Our previous studies have demonstrated that the canonical transient receptor potential channel-1 (TRPC1) is highly expressed in intestinal epithelial cells (IECs) and functions as a store-operated Ca2+ channel to restore intracellular calcium levels after store depletion although the mechanism by which TRPC1 channel activity is regulated remains unknown.(6) Recently, stromal interaction molecule-1 (STIM-1) is shown to act as a calcium sensor protein that exists within the membrane of the endoplasmic reticulum that is known to aggregate as well as translocate to the plasma membrane upon depletion of intracellular calcium stores and interact with various calcium channels, (79) although the full details of its scope and function are still being elucidated.
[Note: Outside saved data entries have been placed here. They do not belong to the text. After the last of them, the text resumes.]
Lemma bezout_col_reduce m (c : 'cV[R]_m.+1) :
  exists2 U : 'M_m.+1, U \in unitmx & forall k, k != 0 -> (U *m c) k 0 = 0.
Proof.
suff reduce_upto t : exists2 U : 'M_m.+1, U \in unitmx &
    forall k : 'I_m.+1, (0 < k <= t)%N -> (U *m c) k 0 = 0.
  have [U uU Uc] := reduce_upto m.
  exists U => // k k0; apply: Uc; rewrite -[(k <= m)%N]ltnS ltn_ord andbT.
  by move: k0; rewrite -val_eqE /= lt0n.
elim: t => [|t [U uU Uc]].
  by exists 1%:M; rewrite ?unitmx1 // => k /andP[]; rewrite ltnNge => /negPf->.
have [tm|mt] := ltnP t.+1 m.+1; last first.
  by exists U => // k /andP[k0 kt]; apply: Uc; rewrite k0 -ltnS (leq_trans (ltn_ord k)).
have j0 : (0 : 'I_m.+1) != Ordinal tm by [].
have [U' uU' [U'c_j U'c]] := bezout_clear_entry (U *m c) j0.
exists (U' *m U) => [|k /andP[k0]]; first by rewrite unitmx_mul uU' uU.
rewrite -mulmxA leq_eqVlt ltnS => /predU1P[kt|kt].
  by have -> : k = Ordinal tm by apply: val_inj.
rewrite U'c ?Uc ?k0 // -val_eqE /=; first by rewrite -lt0n.
by rewrite neq_ltn ltnS kt.
Qed.

Definition top_free_rows m n r (G : 'M[R]_(m, n)) :=
  [/\ (r <= m)%N, pid_mx r *m G = G &
      forall p (Z : 'M_(p, m)), Z *m pid_mx r *m G = 0 -> Z *m (pid_mx r : 'M_m) = 0].

Lemma top_free_rows0 m n : top_free_rows 0 (0 : 'M_(m, n)).
Proof. by split => // [|p Z _]; rewrite ?pid_mx_0 mulmx0. Qed.

Lemma top_free_rows_row0 m n r (G : 'M_(m, n)) :
  top_free_rows r G -> top_free_rows r (row_mx (0 : 'cV_m) G).
Proof.
case=> rm pG Gfree; split; rewrite // ?mul_mx_row ?mulmx0 ?pG // => p Z.
by rewrite mul_mx_row mulmx0 -row_mx0 => /eq_row_mx[_ /Gfree].
Qed.

Lemma top_free_rows_block m n r (g : 'M_1) (u : 'rV_n) (G : 'M_(m, n)) :
  g 0 0 != 0 -> top_free_rows r G -> top_free_rows (1 + r) (block_mx g u 0 G).
Proof.
move=> g0 [rm pG Gfree]; split; first by rewrite leq_add2l.
  by rewrite pid_mxS_block mulmx_block !mul1mx !mul0mx !mulmx0 !addr0 !add0r pG.
move=> p Z; rewrite pid_mxS_block -[Z]hsubmxK !mul_row_block.
rewrite !mulmx0 !mulmx1 !addr0 !add0r -row_mx0 => /eq_row_mx[Zl_g Zr_G].
have Zl0 : lsubmx Z = 0.
  by move/eqP: Zl_g; rewrite [g]mx11_scalar mul_mx_scalar scalemx_eq0 (negPf g0) => /eqP.
by move: Zr_G; rewrite Zl0 mul0mx add0r => /Gfree->; rewrite row_mx0.
Qed.

Lemma bezout_row_reduce n : forall m (E : 'M[R]_(m, n)),
  exists U r, U \in unitmx /\ top_free_rows r (U *m E).
Proof.
have reduce0 m n' (E : 'M[R]_(m, n')) :
    E = 0 -> exists U r, U \in unitmx /\ top_free_rows r (U *m E).
  by move->; exists 1%:M, 0%N; rewrite unitmx1 mulmx0; split => //; apply: top_free_rows0.
elim: n => [|n IH] [|m] E; try by apply: reduce0; rewrite ?thinmx0 ?flatmx0.
move: E; rewrite -[m.+1]/(1 + m)%N -[n.+1]/(1 + n)%N => E.
have [c0|cn0] := eqVneq (lsubmx E) 0.
  have [U [r [uU Ufree]]] := IH _ (rsubmx E).
  exists U, r; split; rewrite // -[E]hsubmxK c0 mul_mx_row mulmx0.
  exact: top_free_rows_row0.
have [U0 uU0 U0c] := bezout_col_reduce (lsubmx E).
pose G : 'M_(1 + m, 1 + n) := U0 *m E.
have dlG : dlsubmx G = 0.
  apply/matrixP => i j; rewrite ord1 [RHS]mxE -(U0c (rshift 1 i)); last by rewrite -val_eqE.
  by rewrite mulmx_lsub !mxE.
have g0 : ulsubmx G 0 0 != 0.
  apply: contra cn0 => /eqP g00; apply/eqP.
  suff : U0 *m lsubmx E = 0 by move/(congr1 (mulmx (invmx U0))); rewrite mulKmx // mulmx0.
  apply/matrixP => i j; rewrite ord1 [RHS]mxE; have [->|i0] := eqVneq i 0; last exact: U0c.
  by rewrite mulmx_lsub -g00 !mxE (_ : lshift m 0 = 0 :> 'I_(1 + m)) //; apply: val_inj.
have [U2 [r [uU2 U2free]]] := IH _ (drsubmx G).
exists (block_mx (1%:M : 'M_1) 0 0 U2 *m U0), (1 + r)%N; split.
  by rewrite unitmx_mul uU0 andbT unitmxE det_ublock det1 mul1r -unitmxE.
rewrite -mulmxA -/G -[G]submxK dlG mulmx_block !mul1mx !mul0mx !mulmx0 !addr0 !add0r.
exact: top_free_rows_block.
Qed.

Lemma bezout_idem_similar_pid n (E : 'M[R]_n) :
  E *m E = E -> exists2 r, (r <= n)%N & similar_mx E (pid_mx r).
Proof.
move=> EE; have [U [r [uU [rn pG Gfree]]]] := bezout_row_reduce E.
pose K := U *m E *m invmx U.
have pK : pid_mx r *m K = K by rewrite /K mulmxA pG.
have KUE : K *m (U *m E) = U *m E by rewrite /K -!mulmxA mulKmx // EE.
(* K pid - pid annihilates the top rows of U E, which are free. *)
have Kp : K *m pid_mx r = pid_mx r :> 'M_n.
  have : (K *m pid_mx r - pid_mx r) *m (pid_mx r : 'M_n) *m (U *m E) = 0.
    by rewrite -mulmxA pG mulmxBl -mulmxA pG KUE subrr.
  move=> /Gfree; rewrite mulmxBl -mulmxA pid_mx_id // => /eqP.
  by rewrite subr_eq0 => /eqP.
have [S [S' [S'S KE]]] := absorbing_idem_conj pK Kp.
exists r => //; apply: (@similar_mx_conj _ _ _ _ (S *m U) (invmx U *m S')).
  by rewrite mulmxA -(mulmxA _ S') mulmxE S'S -mulmxE mulmx1 mulVmx.
by rewrite -[E](mulKmx uU) -[U *m E](mulmxKV uU) -/K KE -!mulmxE !mulmxA.
Qed.

Lemma bezout_outer_compl_equiv n (a v : 'M[R]_n) : v *m a *m v = v ->
  exists W W', W *m W' = 1%:M - a *m v /\ W' *m W = 1%:M - v *m a.
Proof.
move=> vav; have vav' : v * a * v = v by rewrite -!mulmxE.
have [rP rPn simP] := bezout_idem_similar_pid (outer_idem_av vav').
have [rQ rQn simQ] := bezout_idem_similar_pid (outer_idem_va vav').
have erPQ : rP = rQ.
  rewrite -(mxrank_frac_similar_pid rPn simP) -(mxrank_frac_similar_pid rQn simQ).
  exact: mxrank_frac_outer.
by subst rQ; apply: similar_idem_compl simP simQ; rewrite pid_mx_id.
Qed.

Lemma bezout_outer_similar n (a v x y : 'M[R]_n) : v *m a *m v = v ->
  x *m a = a *m y -> x *m a *m v = x -> v *m a *m y = y -> similar_mx x y.
Proof.
rewrite !mulmxE => vav xay xav vay.
have [W [W' [WW' W'W]]] := bezout_outer_compl_equiv (a := a) (v := v) vav.
rewrite !mulmxE idmxE in WW' W'W.
have sV := outer_conjV vav WW' W'W.
have s_xy := outer_conj_intertwine W xay xav vay.
apply: (similar_mx_conj (S := outer_conj_inv a v W') (S' := outer_conj a v W)).
  by rewrite mulmxE sV idmxE.
by rewrite !mulmxE -s_xy -mulrA sV mulr1.
Qed.

End BezoutDomain.

Theorem theorem3p4 (R : idomainType) (HR : bezout_domain R) (n : nat)
  (A B C : 'M[R]_n) :
  A *m B *m A = A *m C *m A ->
  drazin_invertible (A *m B) ->
  exists k : nat, forall s : nat, (k <= s)%N ->
    similar_mx ((A *m B) ^+ s) ((C *m A) ^+ s).
Proof.
move=> abaE [X [abX Xab_X [m ab_index]]]; exists m.+1 => s ms.
rewrite !mulmxE in abaE abX Xab_X ab_index.
apply: (bezout_outer_similar HR (a := A) (v := C *m X)); rewrite !mulmxE.
- exact: drazin_outer abaE abX Xab_X.
- exact: ab_expr_a.
- exact: (ab_expr_outer abaE abX Xab_X ab_index (ltnW ms)).
- exact: (ca_expr_outer abaE abX ab_index ms).
Qed.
In this study we wanted to test the hypothesis that STIM1 plays an integral role in calcium homeostasis in intestinal epithelial cells and furthermore that it interacts with TRPC1 to regulate TRPC1 induced apoptosis in intestinal epithelial cells.

Materials and Methods

Chemicals and Supplies

Disposable culture ware was purchased from Corning Glass Works (Corning, NY) and Sarstedt Inc. (Newton, NC). Tissue culture media, LipofectAMINE and fetal bovine serum (FBS) were obtained from Invitrogen (Carlsbad, CA). Cycloheximide and other biochemicals were obtained from Sigma. Recombinant mouse tumor necrosis factor alpha (TNF-α) was purchased from R&D Systems, Inc. (Minneapolis, MN). The monoclonal antibodies against Caspase-3 were purchased from Cell Signaling Technology (Danvers, MA). Stromal interaction molecule 1 (STIM1) monoclonal antibodies were purchased from BD Transduction Laboratories (San Jose, CA) and Cell Signaling Technology (Danvers, MA). Secondary antibodies, anti-mouse IgG conjugated to horseradish peroxidase, and anti-rabbit IgG conjugated to horseradish peroxidase were purchased from Santa Cruz Biotechnology (Santa Cruz, CA).

Cell Culture

The IEC-6 cell line was purchased from the American Type Culture Collection (ATCC) at passage 13. This cell line is a nontumorigenic cell line derived from normal rat intestinal crypt cells as judged by morphological and immunologic criteria and was developed and characterized by Quaroni et al.(10) Stock cells were maintained in T-150 flasks in Dulbecco’s Modified Eagle Medium (DMEM) supplemented with FBS, insulin and gentamicin (Invitrogen).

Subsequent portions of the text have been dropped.